__TASK ITEM__. Search the records below for the string "Prop", and report each line that contains it.

───── TASK INPUTS

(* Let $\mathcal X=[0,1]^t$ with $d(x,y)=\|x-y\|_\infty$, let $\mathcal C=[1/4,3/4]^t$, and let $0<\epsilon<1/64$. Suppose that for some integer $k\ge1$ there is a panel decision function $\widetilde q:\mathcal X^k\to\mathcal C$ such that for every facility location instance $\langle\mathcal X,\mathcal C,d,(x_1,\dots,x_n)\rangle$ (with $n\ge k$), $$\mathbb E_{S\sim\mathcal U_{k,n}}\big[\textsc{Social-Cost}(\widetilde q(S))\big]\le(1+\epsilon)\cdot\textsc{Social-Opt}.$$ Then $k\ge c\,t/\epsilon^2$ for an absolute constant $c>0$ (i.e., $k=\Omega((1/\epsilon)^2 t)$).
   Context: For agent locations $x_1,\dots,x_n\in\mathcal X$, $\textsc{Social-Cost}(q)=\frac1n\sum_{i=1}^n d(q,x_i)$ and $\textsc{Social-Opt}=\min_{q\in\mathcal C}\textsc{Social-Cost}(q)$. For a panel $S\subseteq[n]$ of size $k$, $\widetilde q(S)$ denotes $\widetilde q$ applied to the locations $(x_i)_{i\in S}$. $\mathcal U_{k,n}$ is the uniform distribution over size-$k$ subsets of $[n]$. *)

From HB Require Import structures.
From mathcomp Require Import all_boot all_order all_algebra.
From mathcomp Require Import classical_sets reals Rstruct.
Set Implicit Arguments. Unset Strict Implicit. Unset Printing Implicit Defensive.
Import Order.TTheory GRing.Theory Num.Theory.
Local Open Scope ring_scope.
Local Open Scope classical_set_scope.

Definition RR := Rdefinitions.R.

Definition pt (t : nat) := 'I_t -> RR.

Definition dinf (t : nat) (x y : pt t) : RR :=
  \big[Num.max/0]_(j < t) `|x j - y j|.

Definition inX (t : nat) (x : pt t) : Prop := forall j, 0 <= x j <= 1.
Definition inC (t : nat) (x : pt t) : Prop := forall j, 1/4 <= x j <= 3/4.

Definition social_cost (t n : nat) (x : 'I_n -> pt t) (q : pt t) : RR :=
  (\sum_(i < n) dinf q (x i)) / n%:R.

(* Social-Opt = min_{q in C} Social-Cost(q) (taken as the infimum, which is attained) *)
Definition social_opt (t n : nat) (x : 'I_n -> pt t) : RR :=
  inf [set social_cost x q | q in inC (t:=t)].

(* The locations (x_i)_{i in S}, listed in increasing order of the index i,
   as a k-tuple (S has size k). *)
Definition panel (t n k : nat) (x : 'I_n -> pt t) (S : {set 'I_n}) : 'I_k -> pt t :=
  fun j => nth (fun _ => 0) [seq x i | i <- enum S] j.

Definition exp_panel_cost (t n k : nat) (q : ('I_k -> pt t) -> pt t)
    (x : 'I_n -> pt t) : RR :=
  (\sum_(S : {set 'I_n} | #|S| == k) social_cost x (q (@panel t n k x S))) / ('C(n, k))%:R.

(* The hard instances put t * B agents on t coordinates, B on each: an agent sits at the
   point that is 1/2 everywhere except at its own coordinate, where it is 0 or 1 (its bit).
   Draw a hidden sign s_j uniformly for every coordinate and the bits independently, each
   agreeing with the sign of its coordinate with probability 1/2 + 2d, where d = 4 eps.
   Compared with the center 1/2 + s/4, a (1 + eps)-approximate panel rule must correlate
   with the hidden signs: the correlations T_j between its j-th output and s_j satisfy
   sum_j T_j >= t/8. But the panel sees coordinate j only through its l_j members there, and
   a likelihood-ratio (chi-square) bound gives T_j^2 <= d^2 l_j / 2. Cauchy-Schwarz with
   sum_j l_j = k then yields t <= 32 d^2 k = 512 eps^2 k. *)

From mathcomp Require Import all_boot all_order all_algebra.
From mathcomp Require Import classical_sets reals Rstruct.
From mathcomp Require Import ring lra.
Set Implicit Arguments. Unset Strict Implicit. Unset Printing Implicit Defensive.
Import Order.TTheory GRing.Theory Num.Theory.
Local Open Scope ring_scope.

──────────
───── TASK INPUTS

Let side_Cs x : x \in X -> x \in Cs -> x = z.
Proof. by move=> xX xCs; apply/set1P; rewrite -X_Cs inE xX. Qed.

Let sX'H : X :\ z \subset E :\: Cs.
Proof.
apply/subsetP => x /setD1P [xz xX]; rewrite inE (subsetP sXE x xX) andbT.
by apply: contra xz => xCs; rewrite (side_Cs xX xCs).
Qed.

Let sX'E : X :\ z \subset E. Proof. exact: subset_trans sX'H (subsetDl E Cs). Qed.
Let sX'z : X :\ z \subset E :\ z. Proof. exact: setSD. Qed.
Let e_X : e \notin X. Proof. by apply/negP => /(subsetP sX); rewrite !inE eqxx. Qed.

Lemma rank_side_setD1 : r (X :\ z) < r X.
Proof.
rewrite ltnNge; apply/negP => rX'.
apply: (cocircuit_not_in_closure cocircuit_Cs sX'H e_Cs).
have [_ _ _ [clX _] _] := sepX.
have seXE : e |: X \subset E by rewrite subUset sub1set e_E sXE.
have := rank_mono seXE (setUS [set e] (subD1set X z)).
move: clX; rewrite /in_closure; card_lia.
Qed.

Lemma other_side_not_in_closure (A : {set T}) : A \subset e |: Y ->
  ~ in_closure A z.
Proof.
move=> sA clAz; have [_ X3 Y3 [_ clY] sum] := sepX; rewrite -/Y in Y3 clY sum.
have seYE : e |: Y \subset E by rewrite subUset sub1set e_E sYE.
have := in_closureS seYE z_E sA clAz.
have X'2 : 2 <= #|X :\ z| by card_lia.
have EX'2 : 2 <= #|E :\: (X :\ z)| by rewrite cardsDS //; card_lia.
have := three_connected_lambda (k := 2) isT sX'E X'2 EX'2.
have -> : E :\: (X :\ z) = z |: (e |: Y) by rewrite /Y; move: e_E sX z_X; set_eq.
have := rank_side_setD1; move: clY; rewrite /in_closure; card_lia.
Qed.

──────────

__YOUR RESPONSE__.
Definition inX (t : nat) (x : pt t) : Prop := forall j, 0 <= x j <= 1.
Definition inC (t : nat) (x : pt t) : Prop := forall j, 1/4 <= x j <= 3/4.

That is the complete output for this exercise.